• [WORK TO BE COMPLETED]:
The lines from the start of the records through the one containing "(* Let $w$ be" are to be transcribed exactly, and nothing else.

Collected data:
───

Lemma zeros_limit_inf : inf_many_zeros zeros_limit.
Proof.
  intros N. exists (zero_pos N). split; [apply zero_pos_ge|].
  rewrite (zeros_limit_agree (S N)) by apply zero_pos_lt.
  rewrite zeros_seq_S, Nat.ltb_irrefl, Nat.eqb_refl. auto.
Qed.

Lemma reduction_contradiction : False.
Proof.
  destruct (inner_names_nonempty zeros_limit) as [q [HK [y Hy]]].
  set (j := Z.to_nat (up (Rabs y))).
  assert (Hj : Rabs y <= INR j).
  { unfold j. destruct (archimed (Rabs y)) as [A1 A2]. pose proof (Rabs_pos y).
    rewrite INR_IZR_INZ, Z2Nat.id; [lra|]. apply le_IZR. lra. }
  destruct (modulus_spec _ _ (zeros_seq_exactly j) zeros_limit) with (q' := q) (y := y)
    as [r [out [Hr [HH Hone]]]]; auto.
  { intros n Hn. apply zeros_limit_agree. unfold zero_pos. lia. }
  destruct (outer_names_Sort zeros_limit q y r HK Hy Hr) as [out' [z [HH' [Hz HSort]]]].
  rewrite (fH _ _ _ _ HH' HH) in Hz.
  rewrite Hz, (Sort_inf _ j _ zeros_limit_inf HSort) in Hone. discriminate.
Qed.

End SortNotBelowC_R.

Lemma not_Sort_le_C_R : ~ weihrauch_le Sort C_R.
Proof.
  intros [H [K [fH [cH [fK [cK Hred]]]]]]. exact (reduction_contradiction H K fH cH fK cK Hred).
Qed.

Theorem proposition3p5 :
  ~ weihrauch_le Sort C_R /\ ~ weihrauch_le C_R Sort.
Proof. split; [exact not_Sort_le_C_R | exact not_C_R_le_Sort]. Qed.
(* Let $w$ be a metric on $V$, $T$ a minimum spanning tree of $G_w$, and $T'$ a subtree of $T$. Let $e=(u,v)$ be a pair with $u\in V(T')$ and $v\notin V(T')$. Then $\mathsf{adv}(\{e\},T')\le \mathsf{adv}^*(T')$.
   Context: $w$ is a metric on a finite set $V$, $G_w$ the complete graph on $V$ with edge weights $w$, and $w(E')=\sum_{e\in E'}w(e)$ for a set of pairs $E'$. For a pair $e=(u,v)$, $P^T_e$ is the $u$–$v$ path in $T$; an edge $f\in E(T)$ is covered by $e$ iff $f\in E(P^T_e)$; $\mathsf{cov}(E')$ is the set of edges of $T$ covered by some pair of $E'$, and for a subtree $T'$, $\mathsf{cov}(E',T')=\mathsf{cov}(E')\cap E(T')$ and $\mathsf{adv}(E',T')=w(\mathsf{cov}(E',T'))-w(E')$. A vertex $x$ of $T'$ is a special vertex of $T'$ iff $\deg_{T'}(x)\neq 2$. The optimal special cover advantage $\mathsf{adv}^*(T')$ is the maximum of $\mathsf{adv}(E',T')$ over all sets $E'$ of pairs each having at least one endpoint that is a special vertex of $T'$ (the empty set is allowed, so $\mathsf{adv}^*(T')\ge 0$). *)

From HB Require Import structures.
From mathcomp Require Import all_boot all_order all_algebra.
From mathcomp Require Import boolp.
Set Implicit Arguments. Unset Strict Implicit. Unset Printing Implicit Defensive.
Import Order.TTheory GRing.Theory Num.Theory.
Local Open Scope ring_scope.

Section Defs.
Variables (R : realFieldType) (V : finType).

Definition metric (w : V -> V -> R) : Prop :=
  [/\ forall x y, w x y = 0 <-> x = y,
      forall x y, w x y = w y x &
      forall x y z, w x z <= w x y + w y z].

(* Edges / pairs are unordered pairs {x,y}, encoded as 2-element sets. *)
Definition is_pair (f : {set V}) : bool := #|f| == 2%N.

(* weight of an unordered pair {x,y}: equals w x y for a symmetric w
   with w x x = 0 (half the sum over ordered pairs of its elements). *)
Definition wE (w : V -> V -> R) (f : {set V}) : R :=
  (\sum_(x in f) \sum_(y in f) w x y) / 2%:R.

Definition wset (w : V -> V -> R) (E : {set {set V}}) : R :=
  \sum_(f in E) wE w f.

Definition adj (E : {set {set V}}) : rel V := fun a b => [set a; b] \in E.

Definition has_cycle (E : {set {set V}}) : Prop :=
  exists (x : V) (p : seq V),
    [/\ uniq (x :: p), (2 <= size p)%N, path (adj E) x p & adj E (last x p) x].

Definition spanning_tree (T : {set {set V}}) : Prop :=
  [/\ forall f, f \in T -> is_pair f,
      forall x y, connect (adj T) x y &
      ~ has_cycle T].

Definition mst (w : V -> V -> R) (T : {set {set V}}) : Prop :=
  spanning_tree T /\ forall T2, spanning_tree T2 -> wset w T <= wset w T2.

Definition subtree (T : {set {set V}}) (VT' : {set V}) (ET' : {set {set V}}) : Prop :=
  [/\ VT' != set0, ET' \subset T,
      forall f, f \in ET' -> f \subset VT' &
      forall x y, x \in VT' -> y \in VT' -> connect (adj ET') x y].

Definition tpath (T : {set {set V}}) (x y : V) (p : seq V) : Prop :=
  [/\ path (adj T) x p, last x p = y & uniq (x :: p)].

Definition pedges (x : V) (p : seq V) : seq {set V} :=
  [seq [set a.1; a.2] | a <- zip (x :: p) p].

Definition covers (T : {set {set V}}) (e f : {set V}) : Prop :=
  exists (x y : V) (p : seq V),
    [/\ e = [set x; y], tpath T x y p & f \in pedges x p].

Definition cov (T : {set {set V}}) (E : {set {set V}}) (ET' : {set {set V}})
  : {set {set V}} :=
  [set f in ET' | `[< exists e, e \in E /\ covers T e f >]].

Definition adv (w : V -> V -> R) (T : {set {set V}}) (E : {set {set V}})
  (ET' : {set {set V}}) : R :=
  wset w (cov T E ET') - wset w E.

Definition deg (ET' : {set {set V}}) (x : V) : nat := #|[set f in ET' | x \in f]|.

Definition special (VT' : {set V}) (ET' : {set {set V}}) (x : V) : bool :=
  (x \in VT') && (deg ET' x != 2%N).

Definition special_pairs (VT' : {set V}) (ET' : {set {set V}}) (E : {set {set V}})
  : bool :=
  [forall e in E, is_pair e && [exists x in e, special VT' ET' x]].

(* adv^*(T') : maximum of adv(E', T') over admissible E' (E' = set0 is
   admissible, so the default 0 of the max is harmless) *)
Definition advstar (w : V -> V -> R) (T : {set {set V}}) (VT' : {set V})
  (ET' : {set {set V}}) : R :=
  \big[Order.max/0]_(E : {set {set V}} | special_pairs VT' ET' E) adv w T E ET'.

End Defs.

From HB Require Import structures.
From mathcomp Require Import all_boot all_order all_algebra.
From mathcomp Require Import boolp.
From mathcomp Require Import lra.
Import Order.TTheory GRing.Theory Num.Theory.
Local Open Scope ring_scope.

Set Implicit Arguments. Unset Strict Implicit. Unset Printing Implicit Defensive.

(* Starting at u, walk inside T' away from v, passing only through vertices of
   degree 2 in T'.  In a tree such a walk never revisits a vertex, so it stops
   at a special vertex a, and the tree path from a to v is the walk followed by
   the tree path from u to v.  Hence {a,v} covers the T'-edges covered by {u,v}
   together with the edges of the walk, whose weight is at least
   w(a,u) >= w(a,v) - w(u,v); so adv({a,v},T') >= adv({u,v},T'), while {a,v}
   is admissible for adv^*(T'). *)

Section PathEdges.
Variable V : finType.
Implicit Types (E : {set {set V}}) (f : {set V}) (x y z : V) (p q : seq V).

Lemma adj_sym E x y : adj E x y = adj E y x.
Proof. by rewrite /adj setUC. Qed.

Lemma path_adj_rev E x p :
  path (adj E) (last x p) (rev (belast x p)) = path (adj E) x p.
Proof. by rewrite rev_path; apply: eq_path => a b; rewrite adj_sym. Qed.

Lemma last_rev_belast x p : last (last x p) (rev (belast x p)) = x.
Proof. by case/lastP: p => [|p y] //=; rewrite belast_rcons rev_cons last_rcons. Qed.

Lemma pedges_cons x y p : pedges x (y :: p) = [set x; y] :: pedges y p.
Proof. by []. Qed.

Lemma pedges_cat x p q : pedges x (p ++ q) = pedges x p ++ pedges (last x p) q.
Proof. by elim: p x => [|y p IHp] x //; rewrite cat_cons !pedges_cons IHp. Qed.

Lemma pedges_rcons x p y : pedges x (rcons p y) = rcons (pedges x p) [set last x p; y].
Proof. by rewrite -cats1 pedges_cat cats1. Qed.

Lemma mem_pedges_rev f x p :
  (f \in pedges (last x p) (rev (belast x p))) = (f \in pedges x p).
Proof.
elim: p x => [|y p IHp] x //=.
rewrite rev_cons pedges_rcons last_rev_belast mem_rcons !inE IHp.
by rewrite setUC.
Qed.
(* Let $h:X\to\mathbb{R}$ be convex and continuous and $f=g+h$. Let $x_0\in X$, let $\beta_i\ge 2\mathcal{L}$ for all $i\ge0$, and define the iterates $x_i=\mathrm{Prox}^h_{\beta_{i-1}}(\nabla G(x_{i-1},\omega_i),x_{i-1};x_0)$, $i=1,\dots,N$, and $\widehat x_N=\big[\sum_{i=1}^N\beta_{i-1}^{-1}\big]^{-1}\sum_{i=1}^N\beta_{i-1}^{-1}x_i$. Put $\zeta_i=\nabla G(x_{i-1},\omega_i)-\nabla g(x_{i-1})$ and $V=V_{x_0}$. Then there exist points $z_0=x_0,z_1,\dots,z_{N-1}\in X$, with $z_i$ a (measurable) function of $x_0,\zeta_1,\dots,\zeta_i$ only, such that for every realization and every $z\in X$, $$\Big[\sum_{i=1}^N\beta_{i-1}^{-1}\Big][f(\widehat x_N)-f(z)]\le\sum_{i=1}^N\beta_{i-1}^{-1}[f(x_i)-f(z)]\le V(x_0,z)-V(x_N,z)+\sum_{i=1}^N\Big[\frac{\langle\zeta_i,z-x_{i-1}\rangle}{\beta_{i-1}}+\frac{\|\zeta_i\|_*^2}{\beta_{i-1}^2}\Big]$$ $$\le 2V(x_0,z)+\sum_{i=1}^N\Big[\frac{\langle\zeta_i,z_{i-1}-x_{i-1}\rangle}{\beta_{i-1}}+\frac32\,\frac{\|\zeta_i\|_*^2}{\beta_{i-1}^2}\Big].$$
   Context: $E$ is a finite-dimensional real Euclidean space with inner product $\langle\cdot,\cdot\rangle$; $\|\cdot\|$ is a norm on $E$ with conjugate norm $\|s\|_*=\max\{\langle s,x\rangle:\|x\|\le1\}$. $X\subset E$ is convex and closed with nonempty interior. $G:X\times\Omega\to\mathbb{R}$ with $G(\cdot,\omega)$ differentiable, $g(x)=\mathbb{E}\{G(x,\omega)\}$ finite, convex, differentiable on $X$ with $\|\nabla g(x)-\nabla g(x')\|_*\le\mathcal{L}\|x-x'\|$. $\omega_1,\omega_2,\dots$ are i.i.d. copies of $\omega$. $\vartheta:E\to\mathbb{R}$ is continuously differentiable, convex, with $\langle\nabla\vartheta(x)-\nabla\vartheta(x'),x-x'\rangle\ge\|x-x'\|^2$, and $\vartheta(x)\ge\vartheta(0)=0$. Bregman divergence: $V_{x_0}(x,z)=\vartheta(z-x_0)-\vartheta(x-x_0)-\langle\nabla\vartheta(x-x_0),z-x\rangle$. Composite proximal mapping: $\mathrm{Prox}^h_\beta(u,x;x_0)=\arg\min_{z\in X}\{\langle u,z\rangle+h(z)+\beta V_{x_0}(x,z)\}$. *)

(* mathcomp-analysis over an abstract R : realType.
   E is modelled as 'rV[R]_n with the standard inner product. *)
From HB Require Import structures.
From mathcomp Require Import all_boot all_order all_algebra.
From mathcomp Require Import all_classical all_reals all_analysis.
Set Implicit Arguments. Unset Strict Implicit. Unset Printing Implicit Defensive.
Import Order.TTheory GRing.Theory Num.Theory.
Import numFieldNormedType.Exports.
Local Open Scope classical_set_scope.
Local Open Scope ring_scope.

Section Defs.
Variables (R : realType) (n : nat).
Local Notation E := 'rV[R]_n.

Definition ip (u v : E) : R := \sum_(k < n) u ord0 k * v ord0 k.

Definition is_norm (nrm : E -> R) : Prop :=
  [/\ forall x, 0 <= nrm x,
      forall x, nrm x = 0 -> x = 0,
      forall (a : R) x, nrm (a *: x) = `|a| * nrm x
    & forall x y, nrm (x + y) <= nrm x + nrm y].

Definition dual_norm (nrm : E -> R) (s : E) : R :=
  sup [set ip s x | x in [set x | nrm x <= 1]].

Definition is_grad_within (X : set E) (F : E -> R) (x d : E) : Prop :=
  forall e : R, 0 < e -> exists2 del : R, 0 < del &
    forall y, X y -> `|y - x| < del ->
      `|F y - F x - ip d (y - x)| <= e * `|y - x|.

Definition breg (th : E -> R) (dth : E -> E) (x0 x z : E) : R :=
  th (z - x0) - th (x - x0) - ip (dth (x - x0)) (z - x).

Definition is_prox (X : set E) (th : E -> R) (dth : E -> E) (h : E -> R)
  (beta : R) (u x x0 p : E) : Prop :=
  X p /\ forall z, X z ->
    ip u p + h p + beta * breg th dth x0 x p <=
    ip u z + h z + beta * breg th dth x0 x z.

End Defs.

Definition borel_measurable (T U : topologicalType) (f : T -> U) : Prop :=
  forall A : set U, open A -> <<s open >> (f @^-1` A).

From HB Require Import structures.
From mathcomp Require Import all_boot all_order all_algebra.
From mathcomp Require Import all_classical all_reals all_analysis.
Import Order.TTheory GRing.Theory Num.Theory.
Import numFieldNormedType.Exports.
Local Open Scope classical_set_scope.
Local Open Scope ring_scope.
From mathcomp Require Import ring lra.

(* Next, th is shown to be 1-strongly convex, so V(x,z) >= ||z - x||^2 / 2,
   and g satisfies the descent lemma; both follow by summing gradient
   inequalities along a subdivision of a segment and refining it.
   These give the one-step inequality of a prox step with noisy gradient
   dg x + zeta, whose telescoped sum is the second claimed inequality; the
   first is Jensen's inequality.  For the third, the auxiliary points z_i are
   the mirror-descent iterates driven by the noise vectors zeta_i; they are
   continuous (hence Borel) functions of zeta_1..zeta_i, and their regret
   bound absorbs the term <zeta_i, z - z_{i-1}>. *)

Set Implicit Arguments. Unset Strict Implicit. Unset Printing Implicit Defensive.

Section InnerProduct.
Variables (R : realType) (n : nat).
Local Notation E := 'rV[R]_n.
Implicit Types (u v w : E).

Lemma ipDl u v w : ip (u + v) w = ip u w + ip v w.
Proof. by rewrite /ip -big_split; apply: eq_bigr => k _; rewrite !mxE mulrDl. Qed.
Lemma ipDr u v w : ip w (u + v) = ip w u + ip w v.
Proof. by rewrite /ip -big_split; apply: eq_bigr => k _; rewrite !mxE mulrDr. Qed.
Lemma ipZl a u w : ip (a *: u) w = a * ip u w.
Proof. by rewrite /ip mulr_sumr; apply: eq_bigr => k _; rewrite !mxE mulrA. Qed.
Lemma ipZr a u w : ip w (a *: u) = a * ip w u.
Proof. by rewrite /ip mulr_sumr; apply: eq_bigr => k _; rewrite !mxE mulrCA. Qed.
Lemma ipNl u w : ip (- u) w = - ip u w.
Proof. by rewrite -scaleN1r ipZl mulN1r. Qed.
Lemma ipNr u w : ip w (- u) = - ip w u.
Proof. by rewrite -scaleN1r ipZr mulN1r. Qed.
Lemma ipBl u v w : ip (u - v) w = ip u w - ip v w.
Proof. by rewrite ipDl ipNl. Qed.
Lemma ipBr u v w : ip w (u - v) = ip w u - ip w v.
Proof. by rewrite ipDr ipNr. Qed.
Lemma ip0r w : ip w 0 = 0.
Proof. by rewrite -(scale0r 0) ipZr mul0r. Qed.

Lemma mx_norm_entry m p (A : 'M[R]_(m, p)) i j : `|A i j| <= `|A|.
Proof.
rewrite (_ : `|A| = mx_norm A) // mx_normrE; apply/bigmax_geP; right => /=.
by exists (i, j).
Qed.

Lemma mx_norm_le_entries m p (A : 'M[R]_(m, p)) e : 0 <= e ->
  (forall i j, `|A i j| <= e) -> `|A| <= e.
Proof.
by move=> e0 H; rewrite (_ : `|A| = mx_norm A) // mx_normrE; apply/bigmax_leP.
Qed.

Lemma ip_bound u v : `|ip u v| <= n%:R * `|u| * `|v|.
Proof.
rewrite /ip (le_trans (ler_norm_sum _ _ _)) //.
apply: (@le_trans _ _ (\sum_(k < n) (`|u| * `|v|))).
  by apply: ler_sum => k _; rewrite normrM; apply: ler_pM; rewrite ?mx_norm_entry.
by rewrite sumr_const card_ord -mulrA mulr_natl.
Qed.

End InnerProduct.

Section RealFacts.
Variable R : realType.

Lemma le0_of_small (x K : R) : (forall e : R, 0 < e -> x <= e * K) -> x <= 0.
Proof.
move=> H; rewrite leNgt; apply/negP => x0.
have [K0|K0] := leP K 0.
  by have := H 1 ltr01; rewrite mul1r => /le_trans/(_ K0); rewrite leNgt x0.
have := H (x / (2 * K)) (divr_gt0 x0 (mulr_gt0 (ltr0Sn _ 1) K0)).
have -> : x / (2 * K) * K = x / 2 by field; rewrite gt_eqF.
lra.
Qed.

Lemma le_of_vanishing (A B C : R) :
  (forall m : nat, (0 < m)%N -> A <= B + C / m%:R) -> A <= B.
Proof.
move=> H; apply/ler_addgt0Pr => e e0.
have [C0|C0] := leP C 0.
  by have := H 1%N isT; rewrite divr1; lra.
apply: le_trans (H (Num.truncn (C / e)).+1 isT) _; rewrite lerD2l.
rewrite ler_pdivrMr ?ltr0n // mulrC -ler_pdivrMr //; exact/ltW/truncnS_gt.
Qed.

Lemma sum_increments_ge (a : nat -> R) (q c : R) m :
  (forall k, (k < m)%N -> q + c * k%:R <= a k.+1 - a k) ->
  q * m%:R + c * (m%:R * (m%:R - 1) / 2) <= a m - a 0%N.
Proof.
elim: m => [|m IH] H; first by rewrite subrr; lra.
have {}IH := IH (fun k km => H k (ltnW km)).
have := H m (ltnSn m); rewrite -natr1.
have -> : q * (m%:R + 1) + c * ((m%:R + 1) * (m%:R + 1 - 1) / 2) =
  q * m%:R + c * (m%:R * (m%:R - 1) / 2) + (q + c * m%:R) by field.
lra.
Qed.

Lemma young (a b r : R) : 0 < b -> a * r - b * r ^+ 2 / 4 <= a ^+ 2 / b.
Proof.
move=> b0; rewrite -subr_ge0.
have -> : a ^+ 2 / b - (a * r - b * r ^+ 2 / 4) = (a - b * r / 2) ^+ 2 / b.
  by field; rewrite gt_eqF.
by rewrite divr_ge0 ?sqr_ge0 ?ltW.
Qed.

───

• [COMPLETED EXERCISE]:
Lemma zeros_limit_inf : inf_many_zeros zeros_limit.
Proof.
  intros N. exists (zero_pos N). split; [apply zero_pos_ge|].
  rewrite (zeros_limit_agree (S N)) by apply zero_pos_lt.
  rewrite zeros_seq_S, Nat.ltb_irrefl, Nat.eqb_refl. auto.
Qed.

Lemma reduction_contradiction : False.
Proof.
  destruct (inner_names_nonempty zeros_limit) as [q [HK [y Hy]]].
  set (j := Z.to_nat (up (Rabs y))).
  assert (Hj : Rabs y <= INR j).
  { unfold j. destruct (archimed (Rabs y)) as [A1 A2]. pose proof (Rabs_pos y).
    rewrite INR_IZR_INZ, Z2Nat.id; [lra|]. apply le_IZR. lra. }
  destruct (modulus_spec _ _ (zeros_seq_exactly j) zeros_limit) with (q' := q) (y := y)
    as [r [out [Hr [HH Hone]]]]; auto.
  { intros n Hn. apply zeros_limit_agree. unfold zero_pos. lia. }
  destruct (outer_names_Sort zeros_limit q y r HK Hy Hr) as [out' [z [HH' [Hz HSort]]]].
  rewrite (fH _ _ _ _ HH' HH) in Hz.
  rewrite Hz, (Sort_inf _ j _ zeros_limit_inf HSort) in Hone. discriminate.
Qed.

End SortNotBelowC_R.

Lemma not_Sort_le_C_R : ~ weihrauch_le Sort C_R.
Proof.
  intros [H [K [fH [cH [fK [cK Hred]]]]]]. exact (reduction_contradiction H K fH cH fK cK Hred).
Qed.

Theorem proposition3p5 :
  ~ weihrauch_le Sort C_R /\ ~ weihrauch_le C_R Sort.
Proof. split; [exact not_Sort_le_C_R | exact not_C_R_le_Sort]. Qed.
(* Let $w$ be a metric on $V$, $T$ a minimum spanning tree of $G_w$, and $T'$ a subtree of $T$. Let $e=(u,v)$ be a pair with $u\in V(T')$ and $v\notin V(T')$. Then $\mathsf{adv}(\{e\},T')\le \mathsf{adv}^*(T')$.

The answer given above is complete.